GTS in Korea is known to often occur during the harvesting season (spanning from the end of June to August). In this study, the incidence of GTS was 37.5% and the incidence density was 3.45 occurrences/100 person⋅working days. Gehlbach et al. [36] reported that a prevalence of 9% in North Carolina, USA, and Ballard et al. [4] found an incidence of 10 people per 1,000 in 1992, and 14 people per 1,000 in 1993. Quandt et al. [38] did not carry out preventive measures targeted at 144 Latino farmers and reported that 41% experienced GTS. Arcury et al. [39] studied 182 Latino farmers and found a prevalence of 24.2%.
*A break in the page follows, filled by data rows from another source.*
(* Let $R$ be a hyperring. The topological space $X=\operatorname{Spec}R$ (with the Zariski topology) is disconnected if and only if $R$ has an element $e$ with $e^2=e$ and $e\notin\{0,1\}$.
   Context: A hyperoperation $+:H\times H\to\mathcal{P}^*(H)$ is extended to subsets by $A+B=\bigcup_{a\in A,b\in B}(a+b)$. A (canonical) hypergroup is a nonempty set with a commutative associative hyperoperation, a unique $0$ with $0+x=\{x\}$, unique inverses $-x$ with $0\in x+(-x)$, and reversibility $x\in y+z\iff z\in x+(-y)$; $x-y:=x+(-y)$. A hyperring $(R,+,\cdot,0,1)$ is a hypergroup $(R,+,0)$ with a commutative monoid $(R,\cdot,1)$ such that $x(y+z)=xy+xz$, $0x=0$, $0\neq1$. A hyperideal is a nonempty $I\subseteq R$ with $a-rb\subseteq I$ for $a,b\in I$, $r\in R$; it is prime if $I\neq R$ and $xy\in I\Rightarrow x\in I$ or $y\in I$. $\operatorname{Spec}R$ is the set of prime hyperideals, with the Zariski topology whose closed sets are exactly the sets $V(I)=\{\mathfrak{p}\in\operatorname{Spec}R\mid I\subseteq\mathfrak{p}\}$ for hyperideals $I$. *)

Set Implicit Arguments.

(* A (canonical) hyperring.  [hadd x y z] means  z ∈ x + y. *)
Record hyperring := HyperRing {
  car :> Type;
  hadd : car -> car -> car -> Prop;
  hzero : car;
  hneg : car -> car;
  hmul : car -> car -> car;
  hone : car;
  hadd_nonempty : forall x y, exists z, hadd x y z;
  hadd_comm : forall x y z, hadd x y z <-> hadd y x z;
  hadd_assoc : forall x y z w,
      (exists u, hadd x y u /\ hadd u z w) <-> (exists v, hadd y z v /\ hadd x v w);
  hadd_zero : forall x z, hadd hzero x z <-> z = x;
  hzero_unique : forall o, (forall x z, hadd o x z <-> z = x) -> o = hzero;
  hneg_inv : forall x, hadd x (hneg x) hzero;
  hneg_unique : forall x y, hadd x y hzero -> y = hneg x;
  hadd_rev : forall x y z, hadd y z x <-> hadd x (hneg y) z;
  hmul_comm : forall x y, hmul x y = hmul y x;
  hmul_assoc : forall x y z, hmul x (hmul y z) = hmul (hmul x y) z;
  hmul_one : forall x, hmul hone x = x;
  hmul_distr : forall x y z w,
      (exists u, hadd y z u /\ w = hmul x u) <-> hadd (hmul x y) (hmul x z) w;
  hmul_zero : forall x, hmul hzero x = hzero;
  hzero_neq_one : hzero <> hone
}.

Section Spec.
Variable R : hyperring.

Definition hyperideal (I : R -> Prop) : Prop :=
  (exists a, I a) /\
  forall a b r c, I a -> I b -> hadd R a (hneg R (hmul R r b)) c -> I c.

Definition prime_hyperideal (P : R -> Prop) : Prop :=
  hyperideal P /\ (exists x, ~ P x) /\
  forall x y, P (hmul R x y) -> P x \/ P y.

(* Subsets of Spec R are predicates on prime hyperideals (only their values at
   prime hyperideals matter).  V(I) = {p ∈ Spec R | I ⊆ p}. *)
Definition V (I : R -> Prop) (p : R -> Prop) : Prop := forall x, I x -> p x.

Definition zariski_closed (C : (R -> Prop) -> Prop) : Prop :=
  exists I, hyperideal I /\
    forall p, prime_hyperideal p -> (C p <-> V I p).

Definition Spec_disconnected : Prop :=
  exists A B : (R -> Prop) -> Prop,
    zariski_closed A /\ zariski_closed B /\
    (exists p, prime_hyperideal p /\ A p) /\
    (exists p, prime_hyperideal p /\ B p) /\
    (forall p, prime_hyperideal p -> ~ (A p /\ B p)) /\
    (forall p, prime_hyperideal p -> A p \/ B p).

End Spec.

From mathcomp Require Import ssreflect ssrfun ssrbool ssrnat boolp classical_sets.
To diagnose GTS using urine cotinine levels indicated at the cutoff value found in this study, if GTS symptoms occurred with a urine cotinine concentration between 700 and 1,000 ng/mg Cr more than that in a nonsmoker, GTS will be diagnosed.

An accurate diagnosis, treatment, and prevention plan for farmers is needed in Korea, as many cases are misdiagnosed and no prevention method has been developed. We could not match the control group because our study was initially planned to conduct the survey with the tobacco harvesters to observe the temporal change in urine cotinine, and then we tried to propose an accurate diagnostic method for GTS with the result. In spite of this limitation, the result of this study can be used as the basic data to set the prevention plan and diagnostic criteria for GTS among tobacco harvesters in Korea.

Conflicts of interest

The authors declare no conflict of interest as related to the manuscript.